Intel vs Motorola
The authorities are positive: the ITU will, this week, plump for the Motorola-endorsed ultra-wide band (UWB) technology. Meanwhile, the IEEE, which is also examining this direct-sequence CDMA UWB proposal in the IEEE 802.15.3a study group, is said to favour the Intel-sponsored MultiBand OFDM Alliance (MBOA) with Texas Instruments. Is it Europe vs America, yet again?
The race for control of UWB is, effectively, the bid to take over from Bluetooth.
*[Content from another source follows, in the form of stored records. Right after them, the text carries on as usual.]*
(* Let $K$ be a precubical set, $\alpha\in K_0$ and $\epsilon\in\,]0,1[$. Let $\mathcal{G}^-_\alpha(K)$ be the quotient of the homotopy branching space $\mathcal{P}^-_\alpha(K,\epsilon)$ by the equivalence relation $\gamma_1\simeq^-\gamma_2$ if there exists $0<\epsilon'<\epsilon$ such that $\gamma_1\!\restriction_{[0,\epsilon']}=\gamma_2\!\restriction_{[0,\epsilon']}$. Then the map $\mathcal{G}^-_{0_2}(\partial\square[2])\to \mathcal{G}^-_{0_2}(\square[2])$ is not a closed inclusion, and therefore not an r-cofibration for $r\in\{q,m,h\}$.
   Context: ${\mathbf{Top}}$ denotes the category of $\Delta$-generated spaces (or of $\Delta$-Hausdorff $\Delta$-generated spaces), with internal hom $\mathbf{TOP}(-,-)$, equipped with its q-model structure (Quillen), m-model structure (mixed) or h-model structure (Hurewicz/Strøm); r-cofibration means cofibration of the r-model structure. $\square^{op}\mathbf{Set}$ is the category of precubical sets, $\square[n]$ the $n$-cube and $\partial\square[n]$ its boundary (cubes of dimension $\leqslant n-1$). For a precubical set $K$, $|K|_{geom}=\int^{[n]}K_n.[0,1]^n$ is its geometric realization and each $n$-cube $c$ induces $|c|_{geom}:[0,1]^n\to|K|_{geom}$. The initial vertex of an $n$-cube $c$ is $c^-=\partial_1^0\cdots\partial_n^0c$, and $\mathcal{C}^-_\alpha(K)=\{c\in K\mid\dim(c)\geqslant1,\ c^-=\alpha\}$. Let $0_n=(0,\dots,0)$. For $n\geqslant1$, $N_n(\epsilon)$ is the set of natural directed paths $\phi:[0,\epsilon]\to[0,1]^n$ (non-decreasing in each coordinate, with sum of coordinates equal to $t$ at time $t$), with the $\Delta$-kelleyfication of the relative topology from $\mathbf{TOP}([0,\epsilon],[0,1]^n)$. Then $\mathcal{P}^-_\alpha(K,\epsilon)=\{|c|_{geom}\phi\mid c\in\mathcal{C}^-_\alpha(K),\ \phi\in N_{\dim(c)}(\epsilon)\}$ with the $\Delta$-kelleyfication of the relative topology from $\mathbf{TOP}([0,\epsilon],|K|_{geom})$. *)

From Stdlib Require Import Reals ProofIrrelevance ClassicalEpsilon
  FunctionalExtensionality PropExtensionality.
From Stdlib Require List.
From mathcomp Require Import all_boot.
Unset Printing Implicit Defensive.

Local Open Scope R_scope.

Definition pset (X : Type) := X -> Prop.
Definition topo (X : Type) := pset (pset X).

Definition tcont {X Y : Type} (TX : topo X) (TY : topo Y) (f : X -> Y) :=
  forall V, TY V -> TX (fun x => V (f x)).

Definition tclosed {X : Type} (T : topo X) (C : pset X) := T (fun x => ~ C x).

Definition initial {X Y : Type} (TY : topo Y) (f : X -> Y) : topo X :=
  fun U => exists V, TY V /\ forall x, U x <-> V (f x).

Definition gen_top {X : Type} (B : pset (pset X)) : topo X :=
  fun U => forall x, U x -> exists l : list (pset X),
    List.Forall B l /\ List.Forall (fun b => b x) l /\
    forall y, List.Forall (fun b => b y) l -> U y.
Both Bluetooth (already working) and UWB (still laboratory-based) do personal area networks.
The difference is simple: Bluetooth is never going much faster than a megabit per second; UWB promises half a gigabit per second... one day. Perhaps.
The politics of the battle are, however, not as simple as the normal trans-Atlantic battle (typified by the GSM vs CDMA phone fiasco, or the 802.11a vs HiPerLan farce). In this case, Nokia is said to be on the Intel side.
But politics there are. "Steve Turner, UWB business development manger at Texas Instruments Inc. - a core member of the MBOA - says the stalemate is due to delaying tactics that are now causing general annoyance throughout the industry," wrote Unstrung this week. He was pointing the finger at the Motorola initiative.